In order to trick the dog handlers into believing that they were participating in a genuine drugs study, the researchers carried a box of 12 genuine triple-wrapped half-ounce bags of cannabis past the handlers while they pretended to set up the experiment. In reality the box was never even opened inside the church. Instead of drugs, sausages were placed in some of the various hidden locations around the church. Some of these locations were labelled as containing drugs — indicated by a sheet of red paper, while some locations that were labelled as containing drugs contained neither drugs nor sausages. The experiment was double blind; the experimenters were not aware whether a location was a decoy containing a pair of sausages or a decoy containing what the handlers had been led to believe was cannabis.

Despite there never being any drugs whatsoever in any of the locations used in the experiment, 225 alerts were issued by the 18 handlers and their dogs, every single one of which was, of course, a false alarm. To the dogs’ credit, the dogs were not swayed by the sausages, but to the handlers’ discredit, there were drastically more false alarms wherever the red markers told the handlers that there would be drugs.

So what went on here? Did the handlers simply cheat and pretend they’d seen their dogs show the correct responses to smelling drugs, or did the handlers somehow lead the dogs to provide positive responses with unconscious cues? This is a difficult question, which requires further research, but a clue to the likely answer lies a century ago in a horse called Clever Hans.

Clever Hans was a Victorian horse who wowed crowds by apparently counting and performing mental arithmetic. It wasn’t until an investigation by psychologist Oskar Pfungst that it finally became clear that the horse was in fact watching and interpreting the reactions of his human observers. The Clever Hans Effect may be a particularly important issue for dogs, which by their nature, are extremely adept at interpreting human cues, as any dog owner knows well.

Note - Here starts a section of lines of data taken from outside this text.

(* Let $q$ be odd, $\alpha,\beta\in\mathbb{F}_{q^2}$ with $\alpha\ne0$ and $(\beta^q-\beta)^2+4\alpha^{q+1}$ a nonsquare in $\mathbb{F}_q$, and let $R_1=(0,\epsilon,1)$. Then (1) $\mathrm{pedal}(R_1)$ consists exactly of the points $Q_x=(x,\,2\alpha x^2+(\beta-\beta^q)x^{q+1}+\epsilon,\,1)$ with $x\in\mathbb{F}_{q^2}$ satisfying $\alpha x^2-\alpha^q x^{2q}+(\beta-\beta^q)x^{q+1}+2\epsilon=0$; (2) the points of $\mathrm{pedal}(R_1)$ lie on the lines of the Baer pencil joining the vertex $U_\infty=(1,0,0)$ to the Baer subline $\{E_{s-\epsilon}=(0,s-\epsilon,1): s\in\mathbb{F}_q\}\cup\{(0,1,0)\}$.
   Context: Points of $\mathrm{PG}(2,q^2)$ have homogeneous coordinates $(x,y,z)$. $\zeta$ is a primitive element of $\mathbb{F}_{q^2}$ and $\epsilon=\zeta^{(q+1)/2}$ (so $\epsilon^q=-\epsilon$ and $\epsilon^2$ is a primitive element of $\mathbb{F}_q$). $\mathcal U_{\alpha\beta}=\{(x,\alpha x^2+\beta x^{q+1}+r,1): x\in\mathbb{F}_{q^2}, r\in\mathbb{F}_q\}\cup\{(0,1,0)\}$, which under the hypotheses is a unital (a set of $q^3+1$ points meeting every line in $1$ or $q+1$ points). For a point $P$ not on the unital, $\mathrm{pedal}(P)$ is the set of points of contact of the $q+1$ tangent lines (lines meeting the unital in exactly one point) through $P$. A Baer pencil is the set of $q+1$ lines joining a vertex point to the $q+1$ points of a Baer subline (a set of points of a line projectively equivalent to $\mathrm{PG}(1,q)$). *)

From HB Require Import structures.
From mathcomp Require Import all_boot all_order all_algebra all_field.
Set Implicit Arguments. Unset Strict Implicit. Unset Printing Implicit Defensive.
Import GRing.Theory.
Local Open Scope ring_scope.

Section PG2.
Variable F : fieldType.

Definition pt := (F * F * F)%type.
Definition mkpt (x y z : F) : pt := (x, y, z).
Definition px (P : pt) : F := P.1.1.
Definition py (P : pt) : F := P.1.2.
Definition pz (P : pt) : F := P.2.

Definition proj_eq (P Q : pt) : Prop :=
  exists2 k : F, k != 0 & P = mkpt (k * px Q) (k * py Q) (k * pz Q).

Definition incident (l P : pt) : Prop :=
  px l * px P + py l * py P + pz l * pz P = 0.

Definition is_line (l : pt) : Prop := l != (0, 0, 0).

Variables (q : nat) (alpha beta : F).

Definition in_Fq (r : F) : Prop := r ^+ q = r.

Definition on_unital (P : pt) : Prop :=
  (exists x r, in_Fq r /\
      proj_eq P (mkpt x (alpha * x ^+ 2 + beta * x ^+ q.+1 + r) 1))
  \/ proj_eq P (mkpt 0 1 0).

Definition tangent_line (l : pt) : Prop :=
  is_line l /\
  exists P, [/\ on_unital P, incident l P &
                forall Q, on_unital Q -> incident l Q -> proj_eq Q P].

Definition in_pedal (R P : pt) : Prop :=
  exists l, [/\ tangent_line l, incident l R, on_unital P & incident l P].

Definition collinear (P A B : pt) : Prop :=
  exists l, [/\ is_line l, incident l P, incident l A & incident l B].

End PG2.

(* Write g x = alpha x^2 + beta x^(q+1) and skew w = w - w^q, whose kernel is F_q;
   the affine points of the unital are the (x, y) with skew (y - g x) = 0. On the
   line of slope m through a unital point (x0, y0), the point (x0 + t, y0 + m t)
   is on the unital iff skew (d t) = skew (g t), where
   d = m - (2 alpha x0 + (beta - beta^q) x0^q). The nonsquare hypothesis says
   exactly that skew (g t) vanishes only at t = 0, so the line is tangent iff
   d = 0 (if d <> 0, some t = s eps / d with s in F_q is a second point). Thus a
   tangent through R1 = (0, eps) touches at a point with y0 = m x0 + eps, m the
   tangent slope: this is Q_x0, and the unital condition there is the stated
   equation. It also makes y0 + eps lie in F_q, so Q_x0 is on the line Y = y0 Z
   through U_oo and (0, y0, 1). That eps^q = -eps comes from
   zeta^((q^2 - 1)/2) = -1 for a primitive element zeta. *)

From HB Require Import structures.
From mathcomp Require Import all_boot all_order all_algebra all_field all_fingroup all_solvable.
From mathcomp Require Import ring zify.
Set Implicit Arguments.
Unset Strict Implicit.
Unset Printing Implicit Defensive.
Import GRing.Theory.
Local Open Scope ring_scope.

Section Generator.
Variables (F : finFieldType) (zeta : F).
Hypothesis zeta_gen : forall y : F, y != 0 -> exists k : nat, zeta ^+ k = y.

Lemma generator_neq0 : 2%:R != 0 :> F -> zeta != 0.
Proof.
move=> two_neq0; apply/eqP => zeta0; move: two_neq0.
have [[|k]] : exists k : nat, zeta ^+ k = -1 by apply: zeta_gen; rewrite oppr_eq0 oner_eq0.
  by rewrite expr0 -addn1 natrD => e; rewrite {1}e addNr eqxx.
by rewrite zeta0 expr0n => /esym/eqP; rewrite oppr_eq0 oner_eq0.
Qed.

Lemma card_nonzero_le_period n : (0 < n)%N -> zeta ^+ n = 1 -> (#|F|.-1 <= n)%N.
Proof.
move=> n_gt0 zn; rewrite -(cardC1 0).
have sub : predC1 (0 : F) \subset [set zeta ^+ (val i) | i : 'I_n].
  apply/subsetP => y /zeta_gen[k <-]; apply/imsetP.
  exists (Ordinal (ltn_pmod k n_gt0)) => //=.
  by rewrite {1}(divn_eq k n) exprD mulnC exprM zn expr1n mul1r.
by rewrite -[n]card_ord; exact: leq_trans (subset_leq_card sub) (leq_imset_card _ _).
Qed.

Lemma generator_half_card : odd #|F| -> 2%:R != 0 :> F -> zeta ^+ #|F|./2 = -1.
Proof.
move=> odd_card two_neq0.
have zeta_neq0 := generator_neq0 two_neq0.
have card_gt1 := finNzRing_gt1 F.
have sq1 : (zeta ^+ #|F|./2) ^+ 2 = 1.
  apply: (mulfI zeta_neq0); rewrite mulr1 -exprM -exprS muln2 -[RHS]expf_card.
  by rewrite -{2}(odd_double_half #|F|) odd_card.
have : (zeta ^+ #|F|./2 - 1) * (zeta ^+ #|F|./2 + 1) = 0.
  by rewrite -subr_sqr sq1 expr1n subrr.
move/eqP; rewrite mulf_eq0 subr_eq0 addr_eq0 => /orP[/eqP half1|/eqP //].
have cardE : #|F| = (#|F|./2).*2.+1 by rewrite -{1}(odd_double_half #|F|) odd_card.
have half_gt0 : (0 < #|F|./2)%N by move: card_gt1; rewrite cardE; lia.
by have := card_nonzero_le_period half_gt0 half1; rewrite {1}cardE; lia.
Qed.

End Generator.

Section SquareOrderField.
Variables (F : finFieldType) (q : nat).
Hypothesis cardF : #|F| = (q ^ 2)%N.

Lemma pchar_pnat_sqrt_card p : p \in [pchar F] -> p.-nat q.
Proof.
move=> chFp; have pF : p.-nat #|F|.
  by have := abelem_pgroup (fin_ring_pchar_abelem chFp); rewrite /pgroup cardsT.
by apply: pnat_dvd pF; rewrite cardF dvdn_mull.
Qed.

Lemma expq_add (x y : F) : (x + y) ^+ q = x ^+ q + y ^+ q.
Proof.
have [p _ chFp] := finPcharP F.
by apply: exprDn_pchar; rewrite (eq_pnat _ (pcharf_eq chFp)) pchar_pnat_sqrt_card.
Qed.

Lemma expqK (x : F) : (x ^+ q) ^+ q = x.
Proof. by rewrite -exprM mulnn -cardF expf_card. Qed.

Lemma two_neq0_odd : odd q -> 2%:R != 0 :> F.
Proof.
move=> odd_q; apply/negP => two0.
have /p_natP[k def_q] : (2 : nat).-nat q by apply: pchar_pnat_sqrt_card; rewrite inE two0.
have q1 : q = 1%N by move: odd_q; rewrite def_q oddX orbF; case: k {def_q}.
by have := finNzRing_gt1 F; rewrite cardF q1.
Qed.

Lemma expq_half_generator (zeta : F) : odd q ->
  (forall y : F, y != 0 -> exists k : nat, zeta ^+ k = y) ->
  (zeta ^+ (q.+1 %/ 2)) ^+ q = - zeta ^+ (q.+1 %/ 2).
Proof.
move=> odd_q zeta_gen.
have [j def_q] : exists j, q = j.*2.+1.
  by exists q./2; rewrite -{1}(odd_double_half q) odd_q.
have cardE : #|F| = (true + (j * j.+1).*2.*2)%N by rewrite cardF def_q -!muln2; lia.
have half_q : (q.+1 %/ 2 = j.+1)%N by rewrite def_q; lia.
have expE : (q.+1 %/ 2 * q = #|F|./2 + q.+1 %/ 2)%N.
  by rewrite half_q cardE half_bit_double def_q -!muln2; nia.
rewrite -exprM expE exprD generator_half_card ?mulN1r ?two_neq0_odd //.
by rewrite cardF oddX odd_q orbT.
Qed.

End SquareOrderField.

Section Projective.
Variable F : fieldType.
Implicit Types (P Q R l : pt F) (x y : F).

Lemma proj_eq_refl P : proj_eq P P.
Proof. by exists 1; rewrite ?oner_eq0 //; case: P => [[x y] z]; rewrite /mkpt !mul1r. Qed.

Lemma proj_eq_sym P Q : proj_eq P Q -> proj_eq Q P.
Proof.
case: P Q => [[x1 y1] z1] [[x2 y2] z2] [k k_neq0 [-> -> ->]].
exists k^-1; first by rewrite invr_eq0.
by rewrite /mkpt /px /py /pz /= !mulrA !mulVf // !mul1r.
Qed.

Lemma proj_eq_trans P Q R : proj_eq P Q -> proj_eq Q R -> proj_eq P R.
Proof.
case: P Q R => [[x1 y1] z1] [[x2 y2] z2] [[x3 y3] z3].
move=> [k k_neq0 [-> -> ->]] [k' k'_neq0 [-> -> ->]].
by exists (k * k'); rewrite ?mulf_neq0 // /mkpt /px /py /pz /= !mulrA.
Qed.

Lemma proj_eq_incident l P Q : proj_eq P Q -> incident l P -> incident l Q.
Proof.
case: P Q => [[x1 y1] z1] [[x2 y2] z2] [k k_neq0 [-> -> ->]].
rewrite /incident /px /py /pz /= => lP.
have /eqP : k * (l.1.1 * x2 + l.1.2 * y2 + l.2 * z2) = 0 by rewrite -lP; ring.
by rewrite mulf_eq0 (negbTE k_neq0) => /eqP.
Qed.

Lemma proj_eq_affine x y x' y' :
  proj_eq (mkpt x y 1) (mkpt x' y' 1) -> x = x' /\ y = y'.
Proof. by case=> k _ [-> -> k1]; rewrite /pz /= mulr1 in k1; rewrite /px /py /= -k1 !mul1r. Qed.

Lemma affine_neq_Yinf x y : ~ proj_eq (mkpt x y 1) (mkpt 0 1 0).
Proof. by case=> k _ [_ _ /eqP]; rewrite /pz /= mulr0 oner_eq0. Qed.

Lemma nonvertical_incident la lb lc P : lb != 0 ->
  incident (mkpt la lb lc) P <-> incident (mkpt (- la / lb) (-1) (- lc / lb)) P.
Proof.
move=> lb_neq0; rewrite /incident /px /py /pz /=.
have -> : - la / lb * P.1.1 + -1 * P.1.2 + - lc / lb * P.2
          = - lb^-1 * (la * P.1.1 + lb * P.1.2 + lc * P.2) by field.
split=> [->|/eqP]; first by rewrite mulr0.
by rewrite mulf_eq0 oppr_eq0 invr_eq0 (negbTE lb_neq0) => /eqP.
Qed.

Lemma incident_affine m c x y : incident (mkpt m (-1) c) (mkpt x y 1) <-> y = m * x + c.
Proof.
rewrite /incident /px /py /pz /= mulr1 mulN1r.
split=> [/eqP|->]; last by ring.
by rewrite addrAC subr_eq0 => /eqP ->.
Qed.

Lemma Yinf_off_slope_line (m c : F) : ~ incident (mkpt m (-1) c) (mkpt 0 1 0).
Proof.
rewrite /incident /px /py /pz /= mulr0 mulr1 mulr0 addr0 add0r => /eqP.
by rewrite oppr_eq0 oner_eq0.
Qed.

End Projective.

Section Unital.
Variables (F : fieldType) (q : nat).
Hypothesis expqD : forall x y : F, (x + y) ^+ q = x ^+ q + y ^+ q.
Hypothesis expqK : forall x : F, (x ^+ q) ^+ q = x.

Definition qconj (x : F) : F := x ^+ q.
Definition skew (w : F) : F := w - qconj w.

Lemma qconjD x y : qconj (x + y) = qconj x + qconj y. Proof. exact: expqD. Qed.
Lemma qconjK : involutive qconj. Proof. exact: expqK. Qed.
Lemma qconj0 : qconj 0 = 0.
Proof. by apply: (addrI (qconj 0)); rewrite -qconjD !addr0. Qed.
Lemma qconjN x : qconj (- x) = - qconj x.
Proof. by apply: (addrI (qconj x)); rewrite -qconjD !subrr qconj0. Qed.
Lemma qconjB x y : qconj (x - y) = qconj x - qconj y.
Proof. by rewrite qconjD qconjN. Qed.
Lemma qconjM x y : qconj (x * y) = qconj x * qconj y. Proof. exact: exprMn. Qed.
Lemma qconjX x n : qconj (x ^+ n) = qconj x ^+ n. Proof. exact: exprAC. Qed.
Lemma qconjV x : qconj x^-1 = (qconj x)^-1. Proof. exact: exprVn. Qed.
Lemma qconj_nat n : qconj n%:R = n%:R.
Proof. by elim: n => [|n IHn]; rewrite ?qconj0 // -addn1 natrD qconjD IHn /qconj expr1n. Qed.
Lemma qconj_eq0 x : (qconj x == 0) = (x == 0).
Proof. by apply/eqP/eqP => [x0|->]; rewrite ?qconj0 // -[x]qconjK x0 qconj0. Qed.

Let qconjE := (qconjD, qconjB, qconjN, qconjM, qconjX, qconjV, qconj_nat, qconjK).

Lemma skew_eq0 w : skew w = 0 <-> qconj w = w.
Proof. by rewrite /skew; split=> [/eqP|->]; rewrite ?subrr // subr_eq0 => /eqP. Qed.

Lemma qconj_skew w : qconj (skew w) = - skew w.
Proof. by rewrite /skew qconjB qconjK opprB. Qed.

Lemma skewZ s w : qconj s = s -> skew (s * w) = s * skew w.
Proof. by rewrite /skew qconjM => ->; rewrite mulrBr. Qed.

Variables (alpha beta eps : F).
Hypothesis eps_neq0 : eps != 0.
Hypothesis qconj_eps : qconj eps = - eps.
Hypothesis two_neq0 : 2%:R != 0 :> F.
Hypothesis disc_nonsquare : ~ (exists y : F, in_Fq q y /\
  y ^+ 2 = (beta ^+ q - beta) ^+ 2 + 4%:R * alpha ^+ q.+1).

Definition unital_poly x := alpha * x ^+ 2 + beta * (x * qconj x).
Definition affine_unital x y : Prop := skew (y - unital_poly x) = 0.
Definition tangent_slope x := 2%:R * alpha * x + (beta - qconj beta) * qconj x.
Definition pedal_point x := mkpt x (tangent_slope x * x + eps) 1.

Lemma skew_unital_poly_eq0 t : skew (unital_poly t) = 0 -> t = 0.
Proof.
move=> Qt0; apply/eqP; apply: contraT => t_neq0.
(* Otherwise (alpha t^2 + alpha^q t^(2q)) / t^(q+1) is a square root in F_q of
   the discriminant. *)
have T_neq0 : qconj t != 0 by rewrite qconj_eq0.
have AE : qconj alpha
          = (alpha * t ^+ 2 + (beta - qconj beta) * (t * qconj t)) / qconj t ^+ 2.
  apply: (mulIf (expf_neq0 2 T_neq0)); rewrite divfK ?expf_neq0 //.
  apply/eqP; rewrite -subr_eq0 -oppr_eq0; apply/eqP.
  by rewrite -Qt0 /skew /unital_poly !qconjE; ring.
case: disc_nonsquare.
exists ((alpha * t ^+ 2 + qconj alpha * qconj t ^+ 2) / (t * qconj t)); split.
  by rewrite /in_Fq -/(qconj _) !qconjE addrC [qconj t * t]mulrC.
rewrite [alpha ^+ q.+1]exprS -/(qconj beta) -/(qconj alpha) AE.
by field; rewrite T_neq0 t_neq0.
Qed.

Lemma skew_unital_polyZ s t : qconj s = s ->
  skew (unital_poly (s * t)) = s ^+ 2 * skew (unital_poly t).
Proof. by move=> qconj_s; rewrite /skew /unital_poly !qconjE qconj_s; ring. Qed.

Lemma affine_unital_shift x0 y0 m t : affine_unital x0 y0 ->
  affine_unital (x0 + t) (y0 + m * t) <->
  skew ((m - tangent_slope x0) * t) = skew (unital_poly t).
Proof.
rewrite /affine_unital => U0.
have -> : skew (y0 + m * t - unital_poly (x0 + t)) = skew (y0 - unital_poly x0)
          + (skew ((m - tangent_slope x0) * t) - skew (unital_poly t)).
  by rewrite /skew /unital_poly /tangent_slope !qconjE; ring.
rewrite U0 add0r; split=> [/eqP|->]; last by rewrite subrr.
by rewrite subr_eq0 => /eqP.
Qed.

Researchers have found some dogs will rely more strongly on human cues than even their own sight and smell when looking for food — going to look for food in an empty bowl that a human is pointing to, rather than a bowl full of food that it can see and smell. Dogs have also been shown to be able to interpret human eye contact, head and body orientation, and glances.

It seems that while drugs dogs certainly can detect smells such as drugs, if you are an innocent bystander and you don’t want a policeman probing your insides, it is just as important what a policeman’s subjective opinion of you is, as are the smells picked up by his or her dog. Whether or not this is constitutional under the Fourth Amendment, or fair in a civilized society, is a matter that should be up for debate. It is noteworthy that since Lit’s groundbreaking findings were published in 2011, we haven’t seen any follow up studies investigating the unanswered questions that have arisen from her research. According to an article published in Psychological Science, reliable sources have alleged that individuals with interests in drugs dogs have tried to shut down her research.

Regardless of their actual effectiveness, it has been argued that dogs can still be justified as a deterrent, even if it is their human handler who is really the one calling the shots. This defense is questionable however, as one recent study of ecstasy users demonstrated that most of the respondents had drugs in their possession the last time they witnessed a drugs dog and less than 7 percent of them were detected. Worryingly however, a minority of users responded by immediately consuming all of their drugs, putting themselves at risk of overdose, another fine example of how ill-thought-out policies can result in more harm than good.